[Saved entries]
Segment Open

(* For all integers $r\ge 3$ and $n\ge 1$, $$\max\Bigl\{\alpha\bigl(C_{d,q}^{\boxtimes n}\bigr)\;:\; q,d\in\mathbb N,\ q\ge 2d,\ q/d<r\Bigr\}=\frac{1+r^n(r-2)}{r-1}.$$
   Context: For positive integers $q,d$ with $q\ge 2d$, the circular graph $C_{d,q}$ has vertex set $\mathbb Z_q$, two distinct vertices $x,y$ being adjacent iff $\min\{|x-y|,q-|x-y|\}<d$ (viewing $x,y$ as integers in $\{0,\dots,q-1\}$). For a graph $G=(V,E)$, the strong product power $G^{\boxtimes n}$ has vertex set $V^n$, two distinct vertices $(u_1,\dots,u_n),(v_1,\dots,v_n)$ being adjacent iff for every $i$ either $u_i=v_i$ or $u_iv_i\in E$. $\alpha(G)$ is the maximum size of an independent set (a set of pairwise non-adjacent vertices) of $G$. *)

From mathcomp Require Import all_boot.
Set Implicit Arguments. Unset Strict Implicit. Unset Printing Implicit Defensive.

Definition circ_adj (q d : nat) : rel 'I_q :=
  fun x y => let k := maxn x y - minn x y in
             (x != y) && (minn k (q - k) < d).

Definition strong_pow (T : finType) (e : rel T) (n : nat) : rel {ffun 'I_n -> T} :=
  fun u v => (u != v) && [forall i, (u i == v i) || e (u i) (v i)].

Definition independent (T : finType) (e : rel T) (S : {set T}) : bool :=
  [forall x in S, forall y in S, ~~ e x y].

Definition alpha (T : finType) (e : rel T) : nat :=
  \max_(S : {set T} | independent e S) #|S|.

From mathcomp Require Import all_boot zify.
Set Implicit Arguments. Unset Strict Implicit. Unset Printing Implicit Defensive.

(* The maximum of alpha(C_{d,q}^n) over q/d < r equals b_n = (1 + r^n (r-2))/(r-1),
   where b_0 = 1 and b_(n+1) = r b_n - 1.

   The q windows {j, ..., j+d-1} of C_{d,q} are cliques covering every
   vertex exactly d times.  For any graph G with such a cover, slicing an independent
   set of G^(n+1) by the window containing its last coordinate gives
   d alpha(G^(n+1)) <= q alpha(G^n); with q < r d this yields
   alpha(C_{d,q}^(n+1)) <= r b_n - 1 = b_(n+1).

   For N = b_(m+1) and M = b_m (so N / M < r), the N words
   (k, k r, ..., k r^m) mod N are independent in C_{M,N}^(m+1).  This reduces to an
   arithmetic fact: every 0 < k < N has a multiple k r^i (i <= m) at cyclic distance
   >= M from 0 mod N.  Otherwise all base-r digits of k/N up to position m+1 would
   lie in {0, r-1}, and the identity (r-1) N = 1 + r^(m+1) (r-2) forces k = 0. *)

Fixpoint circ_bound (r n : nat) : nat :=
  if n is m.+1 then r * circ_bound r m - 1 else 1.

Section Bound.
Variable r : nat.
Hypothesis r_ge2 : 2 <= r.

Lemma circ_bound_gt0 n : 0 < circ_bound r n.
Proof. by elim: n => [|n IH] //=; nia. Qed.

Lemma circ_bound_closed n : (r - 1) * circ_bound r n = 1 + r ^ n * (r - 2).
Proof.
elim: n => [|n IH] /=; first lia.
have := circ_bound_gt0 n; rewrite expnS; move: (r ^ n) IH => P; nia.
Qed.

Lemma circ_bound_div n : (1 + r ^ n * (r - 2)) %/ (r - 1) = circ_bound r n.
Proof. by rewrite -circ_bound_closed mulKn //; lia. Qed.

Lemma circ_bound_le_pow n : circ_bound r n <= r ^ n.
Proof.
elim: n => [|n IH] //=; rewrite expnS; have := circ_bound_gt0 n.
move: (r ^ n) IH => P; nia.
Qed.

End Bound.

Section FarPower.
Variables r m : nat.
Hypothesis r_ge3 : 3 <= r.

Local Notation N := (circ_bound r m.+1).
Local Notation M := (circ_bound r m).

Let r_ge2 : 2 <= r. Proof. by apply: ltnW. Qed.
Let N_gt0 : 0 < N. Proof. exact: circ_bound_gt0. Qed.
Let N_eq : N = r * M - 1. Proof. by []. Qed.

(* A residue is far from 0 when its cyclic distance to 0 modulo [N] is at least [M]. *)
Definition far (x : nat) : bool := M <= x <= N - M.

(* Multiplying a residue near 0 by [r] produces the base-[r] digit 0 or [r-1]. *)
Lemma near_digit x : x < N -> ~~ far x -> (r * x) %/ N = 0 \/ (r * x) %/ N = r - 1.
Proof.
move=> x_lt; rewrite /far negb_and -!ltnNge => /orP [x_small | x_big].
  by left; apply: divn_small; have := N_eq; nia.
right; have -> : r * x = (r - 1) * N + (r * x - (r - 1) * N) by have := N_eq; nia.
by rewrite divnMDl // divn_small; have := N_eq; nia.
Qed.

Lemma divn_mulr_split a : (r * a) %/ N = r * (a %/ N) + (r * (a %% N)) %/ N.
Proof. by rewrite {1}(divn_eq a N) mulnDr mulnA divnMDl. Qed.

(* If the orbit [k, k r, k r^2, ...] stays near 0 modulo [N] for [i] steps, then the
   first [i] base-[r] digits of [k / N] all lie in [{0, r-1}]: the integer part of
   [k r^i / N] is [(r-1) E] with [E] a number with 0/1 digits, so [E <= r^i - b_i]. *)
Lemma near_orbit_quotient k i : k < N -> i <= m.+1 ->
    (forall h, h < i -> ~~ far ((k * r ^ h) %% N)) ->
  exists2 E, E <= r ^ i - circ_bound r i & (k * r ^ i) %/ N = (r - 1) * E.
Proof.
move=> k_lt; elim: i => [|i IH] i_le near.
  by exists 0; rewrite // expn0 muln1 muln0 divn_small.
have [E E_le quotE] := IH (ltnW i_le) (fun h h_lt => near h (ltnW h_lt)).
have bi_gt0 := circ_bound_gt0 r_ge2 i; have bi_le := circ_bound_le_pow r_ge2 i.
rewrite expnS mulnCA divn_mulr_split quotE.
have [->|->] := near_digit (ltn_pmod _ N_gt0) (near i (ltnSn i)).
- exists (r * E); last by rewrite addn0 mulnCA.
  by rewrite /=; move: (r ^ i) bi_le E_le => P; nia.
- exists (r * E + 1); last by rewrite mulnDr muln1 mulnCA.
  by rewrite /=; move: (r ^ i) bi_le E_le => P; nia.
Qed.

Lemma far_power k : 0 < k < N -> exists2 i, i < m.+1 & far ((k * r ^ i) %% N).
Proof.
case/andP=> k_gt0 k_lt.
have [/existsP [i far_i] | ] := boolP [exists i : 'I_m.+1, far ((k * r ^ i) %% N)].
  by exists i.
rewrite negb_exists => /forallP near.
have [E E_le quotE] :=
  near_orbit_quotient k_lt (leqnn _) (fun h h_lt => near (Ordinal h_lt)).
set P := r ^ m.+1 in E_le quotE; set x := (k * P) %% N.
have x_lt : x < N := ltn_pmod _ N_gt0.
have closed : (r - 1) * N = 1 + P * (r - 2) := circ_bound_closed r_ge2 m.+1.
(* [k P = (E + x) + ((r-2) E) P] with [E + x < P], so [E + x = 0]. *)
have kP : k * P = (r - 2) * E * P + (E + x).
  rewrite {1}(divn_eq (k * P) N) quotE -/x mulnAC mulnC closed.
  by rewrite mulnDr muln1 mulnCA mulnC; lia.
have Ex_lt : E + x < P by have := circ_bound_le_pow r_ge2 m.+1; lia.
have Ex0 : E + x = 0.
  by have := congr1 (modn^~ P) kP; rewrite modnMl modnMDl modn_small.
have P_gt0 : 0 < P by rewrite expn_gt0; lia.
have E0 : E = 0 by lia.
by move/eqP: kP; rewrite Ex0 E0 muln0 mul0n muln_eq0; lia.
Qed.

End FarPower.

Section Independence.
Variables (T : finType) (e : rel T).

Lemma alpha_ge (S : {set T}) : independent e S -> #|S| <= alpha e.
Proof. by move=> indS; apply: (leq_bigmax_cond (F := fun S : {set T} => #|S|)). Qed.

Lemma alpha_le b : (forall S, independent e S -> #|S| <= b) -> alpha e <= b.
Proof. by move=> bound; apply/bigmax_leqP. Qed.

Lemma independentP (S : {set T}) : irreflexive e ->
  reflect (forall x y, x \in S -> y \in S -> (x == y) || e x y -> x = y)
          (independent e S).
Proof.
move=> e_irr; apply: (iffP forall_inP) => [indS x y xS yS | indS x xS].
  by case: eqVneq => [//|_] /=; move/forall_inP/(_ y yS): (indS x xS) => /negPf ->.
apply/forall_inP => y yS; apply/negP => exy.
have x_eq_y : x = y by apply: indS; rewrite ?exy ?orbT.
by move: exy; rewrite x_eq_y e_irr.
Qed.

End Independence.

Section StrongPower.
Variables (T : finType) (e : rel T).

Lemma strong_pow_irr n : irreflexive (@strong_pow _ e n).
Proof. by move=> u; rewrite /strong_pow eqxx. Qed.

Lemma strong_pow_touch n (u v : {ffun 'I_n -> T}) :
  (u == v) || @strong_pow _ e n u v = [forall i, (u i == v i) || e (u i) (v i)].
Proof.
rewrite /strong_pow; case: eqVneq => [->|] //=.
by apply/esym/forallP => i; rewrite eqxx.
Qed.

Definition init {n} (u : {ffun 'I_n.+1 -> T}) : {ffun 'I_n -> T} :=
  [ffun i => u (widen_ord (leqnSn n) i)].

Lemma forall_ord_succ n (P : pred 'I_n.+1) :
  [forall i, P i] = [forall i : 'I_n, P (widen_ord (leqnSn n) i)] && P ord_max.
Proof.
apply/forallP/andP => [P_all | [/forallP P_init P_last] i].
  by split => //; apply/forallP.
have [i_lt | i_ge] := ltnP i n; last first.
  by have -> : i = ord_max by apply: val_inj => /=; have := ltn_ord i; lia.
by have -> : i = widen_ord (leqnSn n) (Ordinal i_lt) by apply: val_inj.
Qed.

Lemma strong_pow_succ_touch n (u v : {ffun 'I_n.+1 -> T}) :
  (u == v) || @strong_pow _ e n.+1 u v =
  ((init u == init v) || @strong_pow _ e n (init u) (init v)) &&
  ((u ord_max == v ord_max) || e (u ord_max) (v ord_max)).
Proof.
rewrite !strong_pow_touch forall_ord_succ; congr andb.
by apply: eq_forallb => i; rewrite !ffunE.
Qed.

Definition clique (W : {set T}) : bool :=
  [forall x in W, forall y in W, (x == y) || e x y].

(* The words of an independent set of [G^(n+1)] whose last letter lies in a fixed
   clique are separated by their first [n] letters, so there are at most [alpha(G^n)]. *)
Lemma independent_clique_slice n (S : {set {ffun 'I_n.+1 -> T}}) (W : {set T}) :
  clique W -> independent (@strong_pow _ e n.+1) S ->
  #|[set u in S | u ord_max \in W]| <= alpha (@strong_pow _ e n).
Proof.
move=> /forall_inP cliqueW /(independentP _ (@strong_pow_irr n.+1)) indS.
have last_touch u v : u \in [set u in S | u ord_max \in W] ->
    v \in [set u in S | u ord_max \in W] ->
    (init u == init v) || @strong_pow _ e n (init u) (init v) -> u = v.
  rewrite !inE => /andP [uS uW] /andP [vS vW] init_touch; apply: indS => //.
  by rewrite strong_pow_succ_touch init_touch (forall_inP (cliqueW _ uW)).
have init_inj : {in [set u in S | u ord_max \in W] &, injective init}.
  by move=> u v uS vS init_eq; apply: last_touch; rewrite ?init_eq ?eqxx.
rewrite -(card_in_imset init_inj); apply: alpha_ge.
apply/(independentP _ (@strong_pow_irr n)) => _ _ /imsetP [u uS ->] /imsetP [v vS ->].
by move=> init_touch; rewrite (last_touch u v).
Qed.

Lemma independent_strong_pow_succ (I : finType) (W : I -> {set T}) d n
    (S : {set {ffun 'I_n.+1 -> T}}) :
  (forall j, clique (W j)) -> (forall x, #|[set j | x \in W j]| = d) ->
  independent (@strong_pow _ e n.+1) S -> d * #|S| <= #|I| * alpha (@strong_pow _ e n).
Proof.
move=> cliqueW coverW indS.
have card_cond (A : {pred {ffun 'I_n.+1 -> T}}) (P : pred {ffun 'I_n.+1 -> T}) :
    #|[set u in A | P u]| = \sum_(u in A) P u.
  by rewrite -sum1dep_card big_mkcondr; apply: eq_bigr => u _; case: (P u).
have double_count : \sum_j #|[set u in S | u ord_max \in W j]| = d * #|S|.
  under eq_bigr => j _ do rewrite card_cond.
  rewrite exchange_big /= mulnC -sum_nat_const; apply: eq_bigr => u _.
  rewrite -(coverW (u ord_max)) -sum1dep_card [RHS]big_mkcond.
  by apply: eq_bigr => j _; case: (_ \in _).
rewrite -double_count -sum_nat_const; apply: leq_sum => j _.
exact: independent_clique_slice.
Qed.

End StrongPower.

Lemma circ_adj_sym q d : symmetric (@circ_adj q d).
Proof. by move=> x y; rewrite /circ_adj eq_sym (maxnC x) (minnC x). Qed.

Lemma mod_sub q a j : a < q -> j < q ->
  (a + q - j) %% q = if j <= a then a - j else a + q - j.
Proof.
move=> a_lt j_lt; case: ifP => j_le; last by rewrite modn_small; lia.
by rewrite -addnBAC // modnDr modn_small //; lia.
Qed.

(* The window of [d] consecutive vertices [j, j+1, ..., j+d-1] of [C_{d,q}]. *)
Definition window {q} (d : nat) (j : 'I_q) : {set 'I_q} :=
  [set x : 'I_q | (x + q - j) %% q < d].

Lemma window_clique q d j : clique (@circ_adj q d) (window d j).
Proof.
apply/forall_inP => a; rewrite inE => a_in; apply/forall_inP => b; rewrite inE => b_in.
case: eqVneq => //= a_neq_b; rewrite /circ_adj a_neq_b /=.
have a_lt := ltn_ord a; have b_lt := ltn_ord b; have j_lt := ltn_ord j.
have /eqP a_neq_b' : val a != val b by [].
move: a_in b_in; rewrite !mod_sub //; do 2 case: ifP; lia.
Qed.

Lemma card_windows q d : d <= q -> forall x : 'I_q, #|[set j | x \in window d j]| = d.
Proof.
move=> d_le x; have q_gt0 : 0 < q by have := ltn_ord x; lia.
pose offset (j : 'I_q) : 'I_q := Ordinal (ltn_pmod (x + q - j) q_gt0).
have offset_inj : injective offset.
  move=> j k /(congr1 val) /=; have x_lt := ltn_ord x.
  rewrite !mod_sub // => eq_off; apply: val_inj => /=; move: eq_off.
  have j_lt := ltn_ord j; have k_lt := ltn_ord k; do 2 case: ifP; lia.
have -> : [set j | x \in window d j] = offset @^-1: [set t : 'I_q | t < d].
  by apply/setP => j; rewrite !inE.
rewrite card_preimset //.
have -> : [set t : 'I_q | t < d] = widen_ord d_le @: [set: 'I_d].
  apply/setP => t; rewrite inE.
  apply/idP/imsetP => [t_lt | [s _ ->] /=]; last exact: ltn_ord.
  by exists (Ordinal t_lt) => //; apply: val_inj.
rewrite card_imset ?cardsT ?card_ord //.
by move=> s t /(congr1 val) /= st; apply: val_inj.
Qed.

Lemma alpha_circ_pow_le r q d n : 2 <= r -> d <= q -> q < r * d ->
  alpha (@strong_pow _ (@circ_adj q d) n) <= circ_bound r n.
Proof.
move=> r_ge2 d_le q_lt; elim: n => [|n IH].
  apply: alpha_le => S _; apply: leq_trans (max_card S) _.
  by rewrite card_ffun !card_ord.
apply: alpha_le => S indS.
have := independent_strong_pow_succ (@window_clique q d) (card_windows d_le) indS.
rewrite card_ord => /leq_trans/(_ (leq_mul (leqnn q) IH)) dS_le.
have b_gt0 := circ_bound_gt0 r_ge2 n.
have d_gt0 : 0 < d by rewrite lt0n; apply: contraTneq q_lt => ->; rewrite muln0.
have : d * #|S| < d * (r * circ_bound r n).
  by apply: leq_ltn_trans dS_le _; rewrite mulnA ltn_pmul2r // mulnC.
by rewrite ltn_pmul2l //= => S_lt; lia.
Qed.

Lemma circ_nonadj_shift N M (x y : 'I_N) c : 0 < M -> M <= c <= N - M ->
  val y = (x + c) %% N -> ~~ ((x == y) || @circ_adj N M x y).
Proof.
move=> M_gt0 /andP [c_ge c_le] y_eq; have x_lt := ltn_ord x.
have c_lt : c < N by lia.
have : val y = if x + c < N then x + c else x + c - N.
  case: ifP => sum_lt; first by rewrite y_eq modn_small.
  have N_le : N <= x + c by rewrite leqNgt sum_lt.
  by rewrite y_eq -(subnK N_le) modnDr modn_small; lia.
rewrite /circ_adj -val_eqE /=; case: ifP; lia.
Qed.

(* Lower bound: for [N = b_(m+1)] and [M = b_m], the [N] words
   [w_k = (k, k r, k r^2, ..., k r^m) mod N] form an independent set of
   [C_{M,N}^(m+1)]: for [l < k] some [(k - l) r^i] is far from 0 modulo [N]. *)
Lemma alpha_circ_pow_ge r m : 3 <= r ->
  circ_bound r m.+1 <=
  alpha (@strong_pow _ (@circ_adj (circ_bound r m.+1) (circ_bound r m)) m.+1).
Proof.
move=> r_ge3; have r_ge2 : 2 <= r by apply: ltnW.
set N := circ_bound r m.+1; set M := circ_bound r m.
have N_gt0 : 0 < N := circ_bound_gt0 r_ge2 _.
have M_gt0 : 0 < M := circ_bound_gt0 r_ge2 _.
pose word (k : 'I_N) : {ffun 'I_m.+1 -> 'I_N} :=
  [ffun i : 'I_m.+1 => Ordinal (ltn_pmod (k * r ^ i) N_gt0)].
have word_inj : injective word.
  move=> k l /(congr1 (fun w : {ffun 'I_m.+1 -> 'I_N} => val (w ord0))).
  by rewrite !ffunE /= !muln1 !modn_small // => /val_inj.
have words_apart (k l : 'I_N) : l < k ->
    exists i, ~~ ((word l i == word k i) || @circ_adj N M (word l i) (word k i)).
  move=> l_lt_k; have k_lt := ltn_ord k.
  have kl_range : 0 < k - l < N by lia.
  have [i i_lt far_i] := far_power r_ge3 kl_range.
  exists (Ordinal i_lt); apply: (circ_nonadj_shift M_gt0 far_i); rewrite !ffunE /=.
  rewrite modnDm -mulnDl subnKC //; exact: ltnW.
rewrite -[X in X <= _]card_ord -(card_imset _ word_inj); apply: alpha_ge.
apply/(independentP _ (@strong_pow_irr _ _ _)) => _ _ /imsetP [k _ ->] /imsetP [l _ ->].
rewrite strong_pow_touch => /forallP touch; congr word.
have [k_lt_l | l_lt_k | /val_inj //] := ltngtP k l.
- by have [i] := words_apart _ _ k_lt_l; rewrite touch.
- have [i] := words_apart _ _ l_lt_k.
  by rewrite [_ == _]eq_sym [circ_adj _ _ _]circ_adj_sym touch.
Qed.

Theorem theorem9p1 (r n : nat) :
  3 <= r -> 1 <= n ->
  (exists q d : nat, [/\ 0 < d, 2 * d <= q, q < r * d &
      @alpha _ (@strong_pow _ (@circ_adj q d) n) = (1 + r ^ n * (r - 2)) %/ (r - 1)])
  /\
  (forall q d : nat, 0 < d -> 2 * d <= q -> q < r * d ->
      @alpha _ (@strong_pow _ (@circ_adj q d) n) <= (1 + r ^ n * (r - 2)) %/ (r - 1)).
Proof.
move=> r_ge3 n_ge1; have r_ge2 : 2 <= r by apply: ltnW.
rewrite circ_bound_div //; split; last first.
  by move=> q d _ d2_le q_lt; apply: alpha_circ_pow_le => //; lia.
case: n n_ge1 => [//|m] _; have M_gt0 := circ_bound_gt0 r_ge2 m.
exists (circ_bound r m.+1), (circ_bound r m); split => //=; [nia | lia |].
apply/eqP; rewrite eqn_leq alpha_circ_pow_ge // andbT.
by apply: alpha_circ_pow_le => //=; nia.
Qed.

Segment Closed

For the word "StrongPower", tally the lines of the entries in which it appears and give the total alone.

§ RESPONSE AREA
2